→ **Task directions**
There is one span to output from the data below: the lines starting at the line with "Lemma sub_rep_realizes (I" and ending at the line with "assert (HC : cylinder". Output it exactly, ends included, nothing more.

Extracted data entries:
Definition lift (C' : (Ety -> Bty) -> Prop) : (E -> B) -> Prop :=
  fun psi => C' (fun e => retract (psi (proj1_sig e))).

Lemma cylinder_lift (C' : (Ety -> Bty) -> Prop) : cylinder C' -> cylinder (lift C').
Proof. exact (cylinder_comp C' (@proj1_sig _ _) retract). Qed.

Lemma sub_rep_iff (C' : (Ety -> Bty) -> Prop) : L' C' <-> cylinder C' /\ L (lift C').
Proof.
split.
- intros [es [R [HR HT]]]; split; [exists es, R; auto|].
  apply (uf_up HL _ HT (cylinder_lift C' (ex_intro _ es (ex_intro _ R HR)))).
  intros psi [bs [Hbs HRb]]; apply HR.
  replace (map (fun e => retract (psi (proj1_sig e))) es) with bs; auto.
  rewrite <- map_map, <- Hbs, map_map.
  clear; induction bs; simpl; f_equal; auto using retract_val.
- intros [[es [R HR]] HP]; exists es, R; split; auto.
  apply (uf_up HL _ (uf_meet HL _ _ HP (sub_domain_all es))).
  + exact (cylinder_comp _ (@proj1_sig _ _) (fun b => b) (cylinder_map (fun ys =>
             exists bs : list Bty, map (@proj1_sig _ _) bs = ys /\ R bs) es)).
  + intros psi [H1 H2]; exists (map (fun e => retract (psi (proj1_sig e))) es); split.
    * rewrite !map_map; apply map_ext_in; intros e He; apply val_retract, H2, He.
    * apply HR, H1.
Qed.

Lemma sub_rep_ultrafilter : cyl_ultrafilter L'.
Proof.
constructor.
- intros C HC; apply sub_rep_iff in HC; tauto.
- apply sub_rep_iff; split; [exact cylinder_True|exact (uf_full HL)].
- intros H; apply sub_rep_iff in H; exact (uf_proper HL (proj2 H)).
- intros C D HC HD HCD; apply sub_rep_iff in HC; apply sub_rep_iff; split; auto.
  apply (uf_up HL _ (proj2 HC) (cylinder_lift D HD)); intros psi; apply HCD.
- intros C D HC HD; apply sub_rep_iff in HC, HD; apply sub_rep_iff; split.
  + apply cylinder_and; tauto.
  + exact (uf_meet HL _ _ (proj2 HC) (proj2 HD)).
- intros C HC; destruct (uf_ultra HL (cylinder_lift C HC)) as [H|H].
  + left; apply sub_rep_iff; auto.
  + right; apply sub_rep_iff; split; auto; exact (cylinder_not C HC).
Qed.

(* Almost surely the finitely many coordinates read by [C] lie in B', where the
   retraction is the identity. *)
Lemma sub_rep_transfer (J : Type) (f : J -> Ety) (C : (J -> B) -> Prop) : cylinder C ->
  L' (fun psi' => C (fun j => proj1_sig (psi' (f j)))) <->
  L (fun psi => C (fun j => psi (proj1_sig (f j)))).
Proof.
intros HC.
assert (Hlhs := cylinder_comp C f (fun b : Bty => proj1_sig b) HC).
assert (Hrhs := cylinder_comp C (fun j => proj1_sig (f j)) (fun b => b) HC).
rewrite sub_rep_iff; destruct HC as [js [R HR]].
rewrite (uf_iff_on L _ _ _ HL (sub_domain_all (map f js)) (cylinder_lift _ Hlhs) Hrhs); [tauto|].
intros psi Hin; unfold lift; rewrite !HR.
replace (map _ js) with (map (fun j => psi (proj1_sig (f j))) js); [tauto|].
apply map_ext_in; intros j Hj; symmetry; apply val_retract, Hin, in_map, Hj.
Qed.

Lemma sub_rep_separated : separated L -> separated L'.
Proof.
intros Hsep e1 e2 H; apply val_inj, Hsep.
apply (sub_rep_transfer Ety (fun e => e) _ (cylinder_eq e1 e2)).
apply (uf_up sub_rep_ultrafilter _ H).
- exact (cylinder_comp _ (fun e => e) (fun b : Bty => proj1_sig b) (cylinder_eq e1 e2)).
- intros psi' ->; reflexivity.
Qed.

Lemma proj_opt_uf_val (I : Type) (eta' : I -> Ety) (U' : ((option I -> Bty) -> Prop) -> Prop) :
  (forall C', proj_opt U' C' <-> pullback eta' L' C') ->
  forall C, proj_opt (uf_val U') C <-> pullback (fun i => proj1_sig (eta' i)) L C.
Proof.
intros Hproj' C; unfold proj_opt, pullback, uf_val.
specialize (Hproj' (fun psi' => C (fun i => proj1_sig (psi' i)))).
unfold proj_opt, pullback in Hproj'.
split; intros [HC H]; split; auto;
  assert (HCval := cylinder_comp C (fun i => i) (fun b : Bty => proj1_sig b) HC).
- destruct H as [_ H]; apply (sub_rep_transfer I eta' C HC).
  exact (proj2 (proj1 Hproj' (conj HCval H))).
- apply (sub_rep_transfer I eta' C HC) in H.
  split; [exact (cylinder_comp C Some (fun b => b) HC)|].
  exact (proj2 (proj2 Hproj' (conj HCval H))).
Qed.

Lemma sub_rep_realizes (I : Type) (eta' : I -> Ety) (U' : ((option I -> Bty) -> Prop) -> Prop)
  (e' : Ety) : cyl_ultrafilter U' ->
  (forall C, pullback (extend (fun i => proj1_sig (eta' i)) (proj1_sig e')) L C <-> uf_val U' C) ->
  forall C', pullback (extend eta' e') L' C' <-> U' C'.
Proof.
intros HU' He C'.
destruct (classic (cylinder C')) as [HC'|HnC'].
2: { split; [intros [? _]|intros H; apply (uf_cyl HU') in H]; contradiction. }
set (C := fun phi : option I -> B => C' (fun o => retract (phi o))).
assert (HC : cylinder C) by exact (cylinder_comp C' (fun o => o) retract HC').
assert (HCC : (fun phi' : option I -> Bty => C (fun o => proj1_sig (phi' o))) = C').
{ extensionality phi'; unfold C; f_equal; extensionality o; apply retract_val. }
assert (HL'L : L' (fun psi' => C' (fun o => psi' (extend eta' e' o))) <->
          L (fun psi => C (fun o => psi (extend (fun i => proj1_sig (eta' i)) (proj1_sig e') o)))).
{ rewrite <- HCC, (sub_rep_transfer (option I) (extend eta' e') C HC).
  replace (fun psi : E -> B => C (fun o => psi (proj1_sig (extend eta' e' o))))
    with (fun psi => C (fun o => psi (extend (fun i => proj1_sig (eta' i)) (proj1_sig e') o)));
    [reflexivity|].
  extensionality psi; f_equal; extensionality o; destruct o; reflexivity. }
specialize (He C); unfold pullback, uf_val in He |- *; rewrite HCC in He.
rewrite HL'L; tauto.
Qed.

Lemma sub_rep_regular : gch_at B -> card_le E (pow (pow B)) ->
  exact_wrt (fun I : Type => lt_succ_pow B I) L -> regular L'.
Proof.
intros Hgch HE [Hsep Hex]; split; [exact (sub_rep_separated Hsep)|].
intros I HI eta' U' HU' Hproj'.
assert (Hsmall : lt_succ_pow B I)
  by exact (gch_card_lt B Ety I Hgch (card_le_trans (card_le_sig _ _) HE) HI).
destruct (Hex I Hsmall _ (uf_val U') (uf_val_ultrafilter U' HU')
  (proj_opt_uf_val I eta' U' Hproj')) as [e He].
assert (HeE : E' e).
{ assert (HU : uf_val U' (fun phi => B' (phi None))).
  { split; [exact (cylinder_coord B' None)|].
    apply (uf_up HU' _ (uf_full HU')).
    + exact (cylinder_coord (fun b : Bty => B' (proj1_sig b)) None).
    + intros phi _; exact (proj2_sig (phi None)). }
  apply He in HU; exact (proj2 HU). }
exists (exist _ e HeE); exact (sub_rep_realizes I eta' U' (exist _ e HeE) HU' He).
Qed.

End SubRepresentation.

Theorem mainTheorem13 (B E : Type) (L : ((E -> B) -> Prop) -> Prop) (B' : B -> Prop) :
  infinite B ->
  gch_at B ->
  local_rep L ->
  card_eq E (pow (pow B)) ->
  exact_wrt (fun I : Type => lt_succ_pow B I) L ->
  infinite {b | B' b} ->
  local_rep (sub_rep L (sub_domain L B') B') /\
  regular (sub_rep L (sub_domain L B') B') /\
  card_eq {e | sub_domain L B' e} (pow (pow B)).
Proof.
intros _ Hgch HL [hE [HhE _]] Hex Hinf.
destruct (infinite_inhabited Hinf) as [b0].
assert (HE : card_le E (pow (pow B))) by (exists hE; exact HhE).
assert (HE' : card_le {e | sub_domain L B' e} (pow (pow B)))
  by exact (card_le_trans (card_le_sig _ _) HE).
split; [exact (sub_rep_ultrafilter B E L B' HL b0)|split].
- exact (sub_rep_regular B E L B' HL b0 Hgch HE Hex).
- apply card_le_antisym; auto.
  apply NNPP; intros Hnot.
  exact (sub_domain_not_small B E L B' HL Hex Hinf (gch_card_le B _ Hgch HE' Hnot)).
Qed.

→ **Output**
Lemma sub_rep_realizes (I : Type) (eta' : I -> Ety) (U' : ((option I -> Bty) -> Prop) -> Prop)
  (e' : Ety) : cyl_ultrafilter U' ->
  (forall C, pullback (extend (fun i => proj1_sig (eta' i)) (proj1_sig e')) L C <-> uf_val U' C) ->
  forall C', pullback (extend eta' e') L' C' <-> U' C'.
Proof.
intros HU' He C'.
destruct (classic (cylinder C')) as [HC'|HnC'].
2: { split; [intros [? _]|intros H; apply (uf_cyl HU') in H]; contradiction. }
set (C := fun phi : option I -> B => C' (fun o => retract (phi o))).
assert (HC : cylinder C) by exact (cylinder_comp C' (fun o => o) retract HC').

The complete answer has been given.